EXERCISE:
Only one stretch of the data below is wanted: the lines starting at the one with "sub_mono J (TArr s1 r1) (TArr s2 r2)" and ending at the one with "(3) Lifting the", both included, given again exactly.

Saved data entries

※

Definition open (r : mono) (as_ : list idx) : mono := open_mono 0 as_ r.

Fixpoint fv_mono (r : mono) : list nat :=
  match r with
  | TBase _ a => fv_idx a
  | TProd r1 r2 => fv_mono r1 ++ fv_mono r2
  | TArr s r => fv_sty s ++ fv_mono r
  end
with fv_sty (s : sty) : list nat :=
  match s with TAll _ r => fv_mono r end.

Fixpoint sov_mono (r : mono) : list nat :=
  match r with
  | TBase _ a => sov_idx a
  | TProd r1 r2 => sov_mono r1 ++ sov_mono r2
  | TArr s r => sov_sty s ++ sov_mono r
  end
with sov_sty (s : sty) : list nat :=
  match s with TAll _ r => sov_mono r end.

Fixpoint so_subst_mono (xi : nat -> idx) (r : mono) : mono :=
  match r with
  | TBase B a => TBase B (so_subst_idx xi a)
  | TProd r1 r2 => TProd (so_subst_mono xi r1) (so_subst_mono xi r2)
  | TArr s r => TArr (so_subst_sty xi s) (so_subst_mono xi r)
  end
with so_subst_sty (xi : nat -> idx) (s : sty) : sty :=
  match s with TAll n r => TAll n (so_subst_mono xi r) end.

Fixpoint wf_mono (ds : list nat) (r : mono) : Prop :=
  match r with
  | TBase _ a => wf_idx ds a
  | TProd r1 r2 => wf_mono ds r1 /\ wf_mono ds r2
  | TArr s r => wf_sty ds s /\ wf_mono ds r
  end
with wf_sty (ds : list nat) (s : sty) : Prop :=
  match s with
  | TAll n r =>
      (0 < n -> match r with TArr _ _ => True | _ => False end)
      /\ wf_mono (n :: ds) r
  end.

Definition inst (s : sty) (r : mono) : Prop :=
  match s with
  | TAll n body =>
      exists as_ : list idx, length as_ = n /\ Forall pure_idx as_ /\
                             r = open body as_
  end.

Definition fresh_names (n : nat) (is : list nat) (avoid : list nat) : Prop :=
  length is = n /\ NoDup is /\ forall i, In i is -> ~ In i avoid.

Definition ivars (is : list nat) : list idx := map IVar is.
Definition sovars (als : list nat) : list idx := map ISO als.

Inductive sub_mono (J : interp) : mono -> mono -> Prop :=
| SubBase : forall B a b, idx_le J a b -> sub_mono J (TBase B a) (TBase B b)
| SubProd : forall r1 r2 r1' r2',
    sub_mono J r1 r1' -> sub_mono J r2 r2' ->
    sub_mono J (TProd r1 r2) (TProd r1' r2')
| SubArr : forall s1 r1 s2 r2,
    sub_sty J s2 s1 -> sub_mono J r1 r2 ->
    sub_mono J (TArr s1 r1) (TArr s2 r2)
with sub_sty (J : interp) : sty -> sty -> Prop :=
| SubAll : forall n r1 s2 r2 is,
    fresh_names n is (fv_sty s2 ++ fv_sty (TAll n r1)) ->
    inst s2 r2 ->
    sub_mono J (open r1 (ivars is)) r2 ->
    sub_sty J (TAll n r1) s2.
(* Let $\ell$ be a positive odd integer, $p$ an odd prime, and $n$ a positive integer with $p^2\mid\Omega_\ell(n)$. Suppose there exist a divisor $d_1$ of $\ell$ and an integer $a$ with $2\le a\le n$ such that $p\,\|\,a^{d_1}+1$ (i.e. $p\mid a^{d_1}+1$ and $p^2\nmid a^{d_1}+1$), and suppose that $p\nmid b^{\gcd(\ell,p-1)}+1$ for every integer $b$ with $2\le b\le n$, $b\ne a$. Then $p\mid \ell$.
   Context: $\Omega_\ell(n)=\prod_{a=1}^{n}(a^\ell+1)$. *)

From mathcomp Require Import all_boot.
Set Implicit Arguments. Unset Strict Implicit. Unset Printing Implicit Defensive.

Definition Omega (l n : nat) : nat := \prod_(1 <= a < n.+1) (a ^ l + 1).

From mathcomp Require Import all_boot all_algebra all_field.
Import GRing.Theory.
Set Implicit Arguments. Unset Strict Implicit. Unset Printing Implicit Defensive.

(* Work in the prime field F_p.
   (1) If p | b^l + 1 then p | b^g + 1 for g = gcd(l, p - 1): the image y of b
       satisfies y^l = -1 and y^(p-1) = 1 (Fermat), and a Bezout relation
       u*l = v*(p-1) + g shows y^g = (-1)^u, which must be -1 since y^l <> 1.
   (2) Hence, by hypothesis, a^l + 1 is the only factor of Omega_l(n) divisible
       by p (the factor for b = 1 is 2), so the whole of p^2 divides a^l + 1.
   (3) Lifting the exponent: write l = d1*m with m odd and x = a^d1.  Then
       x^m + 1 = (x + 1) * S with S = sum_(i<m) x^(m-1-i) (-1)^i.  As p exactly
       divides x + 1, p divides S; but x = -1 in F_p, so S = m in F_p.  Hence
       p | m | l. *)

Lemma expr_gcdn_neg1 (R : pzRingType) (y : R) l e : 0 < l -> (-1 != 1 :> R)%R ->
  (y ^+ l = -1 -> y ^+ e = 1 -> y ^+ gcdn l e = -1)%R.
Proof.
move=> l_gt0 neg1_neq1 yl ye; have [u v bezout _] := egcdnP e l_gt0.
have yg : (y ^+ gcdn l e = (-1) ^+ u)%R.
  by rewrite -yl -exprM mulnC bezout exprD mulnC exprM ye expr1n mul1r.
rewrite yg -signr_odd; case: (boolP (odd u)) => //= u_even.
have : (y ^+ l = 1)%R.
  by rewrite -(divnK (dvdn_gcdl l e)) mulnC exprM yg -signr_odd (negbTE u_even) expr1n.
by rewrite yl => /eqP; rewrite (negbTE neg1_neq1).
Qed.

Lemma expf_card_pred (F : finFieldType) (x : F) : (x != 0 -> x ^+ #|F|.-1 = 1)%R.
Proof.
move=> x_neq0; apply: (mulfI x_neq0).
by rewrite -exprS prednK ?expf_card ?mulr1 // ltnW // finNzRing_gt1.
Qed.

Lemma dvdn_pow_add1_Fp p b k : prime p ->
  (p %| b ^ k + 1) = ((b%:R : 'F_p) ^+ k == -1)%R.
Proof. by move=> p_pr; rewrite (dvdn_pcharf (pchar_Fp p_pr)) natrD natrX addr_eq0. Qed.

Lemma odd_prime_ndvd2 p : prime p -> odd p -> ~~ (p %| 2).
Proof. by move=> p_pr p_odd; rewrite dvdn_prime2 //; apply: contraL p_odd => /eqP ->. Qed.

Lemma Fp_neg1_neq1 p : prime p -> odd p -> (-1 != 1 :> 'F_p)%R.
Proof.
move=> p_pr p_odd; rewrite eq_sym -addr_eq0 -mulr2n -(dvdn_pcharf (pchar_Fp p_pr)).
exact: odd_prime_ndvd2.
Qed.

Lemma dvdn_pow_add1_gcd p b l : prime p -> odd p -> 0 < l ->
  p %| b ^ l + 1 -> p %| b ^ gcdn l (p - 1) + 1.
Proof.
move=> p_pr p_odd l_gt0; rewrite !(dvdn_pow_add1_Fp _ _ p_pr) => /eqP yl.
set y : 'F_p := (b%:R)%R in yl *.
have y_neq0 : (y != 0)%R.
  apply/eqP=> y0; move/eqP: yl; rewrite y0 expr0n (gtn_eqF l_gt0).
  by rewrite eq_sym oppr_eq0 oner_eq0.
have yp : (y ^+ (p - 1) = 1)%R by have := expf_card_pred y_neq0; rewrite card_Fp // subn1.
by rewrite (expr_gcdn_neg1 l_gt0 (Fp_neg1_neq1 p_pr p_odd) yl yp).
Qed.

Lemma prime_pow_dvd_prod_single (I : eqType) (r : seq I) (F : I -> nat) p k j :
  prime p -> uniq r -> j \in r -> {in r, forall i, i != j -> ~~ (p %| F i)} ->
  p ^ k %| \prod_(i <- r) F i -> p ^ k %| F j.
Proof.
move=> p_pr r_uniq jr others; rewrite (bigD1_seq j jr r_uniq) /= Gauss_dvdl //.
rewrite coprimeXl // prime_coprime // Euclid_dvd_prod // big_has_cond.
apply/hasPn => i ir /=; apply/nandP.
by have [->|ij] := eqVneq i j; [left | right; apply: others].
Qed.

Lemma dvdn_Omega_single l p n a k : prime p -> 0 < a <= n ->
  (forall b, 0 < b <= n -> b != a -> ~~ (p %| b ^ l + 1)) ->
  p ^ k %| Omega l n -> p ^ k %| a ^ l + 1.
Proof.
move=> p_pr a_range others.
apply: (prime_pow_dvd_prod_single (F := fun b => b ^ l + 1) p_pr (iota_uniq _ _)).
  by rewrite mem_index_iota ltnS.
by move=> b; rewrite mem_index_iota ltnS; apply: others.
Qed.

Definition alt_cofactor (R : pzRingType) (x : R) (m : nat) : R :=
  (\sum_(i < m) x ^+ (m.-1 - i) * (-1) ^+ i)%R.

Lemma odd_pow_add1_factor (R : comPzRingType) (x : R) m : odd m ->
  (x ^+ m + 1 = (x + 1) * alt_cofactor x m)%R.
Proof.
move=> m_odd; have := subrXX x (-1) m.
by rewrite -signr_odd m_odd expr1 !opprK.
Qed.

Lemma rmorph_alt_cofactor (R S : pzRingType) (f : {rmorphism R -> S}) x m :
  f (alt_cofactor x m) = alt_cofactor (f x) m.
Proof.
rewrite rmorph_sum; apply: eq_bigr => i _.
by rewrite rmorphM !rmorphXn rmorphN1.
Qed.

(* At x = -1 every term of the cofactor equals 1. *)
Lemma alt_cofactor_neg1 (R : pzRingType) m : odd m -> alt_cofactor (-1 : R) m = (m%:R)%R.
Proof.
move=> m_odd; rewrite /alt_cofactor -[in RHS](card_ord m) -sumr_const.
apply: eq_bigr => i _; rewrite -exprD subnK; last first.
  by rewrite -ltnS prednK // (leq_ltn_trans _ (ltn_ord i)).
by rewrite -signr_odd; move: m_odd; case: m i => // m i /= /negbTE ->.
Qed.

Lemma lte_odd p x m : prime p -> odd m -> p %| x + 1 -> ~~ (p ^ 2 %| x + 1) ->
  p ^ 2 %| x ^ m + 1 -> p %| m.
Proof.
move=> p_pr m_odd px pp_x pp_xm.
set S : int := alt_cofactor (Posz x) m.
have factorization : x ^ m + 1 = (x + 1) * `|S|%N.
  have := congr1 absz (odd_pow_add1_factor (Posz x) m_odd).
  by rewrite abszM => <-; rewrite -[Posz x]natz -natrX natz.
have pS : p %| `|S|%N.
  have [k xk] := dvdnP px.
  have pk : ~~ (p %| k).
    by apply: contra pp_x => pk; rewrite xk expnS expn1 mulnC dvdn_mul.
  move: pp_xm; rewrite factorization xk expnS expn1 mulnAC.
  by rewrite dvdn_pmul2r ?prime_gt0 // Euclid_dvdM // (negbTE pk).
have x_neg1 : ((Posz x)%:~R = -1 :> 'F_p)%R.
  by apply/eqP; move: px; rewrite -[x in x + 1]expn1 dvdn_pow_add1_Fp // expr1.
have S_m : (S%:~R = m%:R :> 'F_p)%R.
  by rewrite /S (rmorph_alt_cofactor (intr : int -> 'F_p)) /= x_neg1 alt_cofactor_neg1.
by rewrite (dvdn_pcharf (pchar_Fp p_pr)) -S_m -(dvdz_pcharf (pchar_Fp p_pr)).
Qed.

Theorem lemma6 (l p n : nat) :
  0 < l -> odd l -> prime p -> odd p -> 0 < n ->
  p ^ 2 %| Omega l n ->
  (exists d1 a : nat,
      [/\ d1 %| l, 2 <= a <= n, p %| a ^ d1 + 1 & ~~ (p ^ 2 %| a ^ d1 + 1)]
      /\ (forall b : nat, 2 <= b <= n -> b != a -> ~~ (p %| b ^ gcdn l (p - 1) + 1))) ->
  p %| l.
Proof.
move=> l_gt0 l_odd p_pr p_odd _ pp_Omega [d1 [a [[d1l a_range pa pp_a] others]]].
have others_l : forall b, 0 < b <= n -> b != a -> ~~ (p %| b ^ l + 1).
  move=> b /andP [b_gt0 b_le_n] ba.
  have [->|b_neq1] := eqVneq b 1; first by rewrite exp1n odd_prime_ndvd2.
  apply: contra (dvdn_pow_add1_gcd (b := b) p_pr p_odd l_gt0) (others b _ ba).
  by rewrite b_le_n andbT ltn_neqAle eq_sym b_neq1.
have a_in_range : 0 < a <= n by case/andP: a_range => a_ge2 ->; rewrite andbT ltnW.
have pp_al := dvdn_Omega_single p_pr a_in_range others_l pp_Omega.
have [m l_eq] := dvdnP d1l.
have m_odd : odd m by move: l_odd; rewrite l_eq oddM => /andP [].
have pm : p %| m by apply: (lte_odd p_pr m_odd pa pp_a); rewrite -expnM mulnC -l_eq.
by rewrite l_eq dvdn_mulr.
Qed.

※

RESPONSE TO THE TASK:
    sub_mono J (TArr s1 r1) (TArr s2 r2)
with sub_sty (J : interp) : sty -> sty -> Prop :=
| SubAll : forall n r1 s2 r2 is,
    fresh_names n is (fv_sty s2 ++ fv_sty (TAll n r1)) ->
    inst s2 r2 ->
    sub_mono J (open r1 (ivars is)) r2 ->
    sub_sty J (TAll n r1) s2.
(* Let $\ell$ be a positive odd integer, $p$ an odd prime, and $n$ a positive integer with $p^2\mid\Omega_\ell(n)$. Suppose there exist a divisor $d_1$ of $\ell$ and an integer $a$ with $2\le a\le n$ such that $p\,\|\,a^{d_1}+1$ (i.e. $p\mid a^{d_1}+1$ and $p^2\nmid a^{d_1}+1$), and suppose that $p\nmid b^{\gcd(\ell,p-1)}+1$ for every integer $b$ with $2\le b\le n$, $b\ne a$. Then $p\mid \ell$.
   Context: $\Omega_\ell(n)=\prod_{a=1}^{n}(a^\ell+1)$. *)

From mathcomp Require Import all_boot.
Set Implicit Arguments. Unset Strict Implicit. Unset Printing Implicit Defensive.

Definition Omega (l n : nat) : nat := \prod_(1 <= a < n.+1) (a ^ l + 1).

From mathcomp Require Import all_boot all_algebra all_field.
Import GRing.Theory.
Set Implicit Arguments. Unset Strict Implicit. Unset Printing Implicit Defensive.

(* Work in the prime field F_p.
   (1) If p | b^l + 1 then p | b^g + 1 for g = gcd(l, p - 1): the image y of b
       satisfies y^l = -1 and y^(p-1) = 1 (Fermat), and a Bezout relation
       u*l = v*(p-1) + g shows y^g = (-1)^u, which must be -1 since y^l <> 1.
   (2) Hence, by hypothesis, a^l + 1 is the only factor of Omega_l(n) divisible
       by p (the factor for b = 1 is 2), so the whole of p^2 divides a^l + 1.
   (3) Lifting the exponent: write l = d1*m with m odd and x = a^d1.  Then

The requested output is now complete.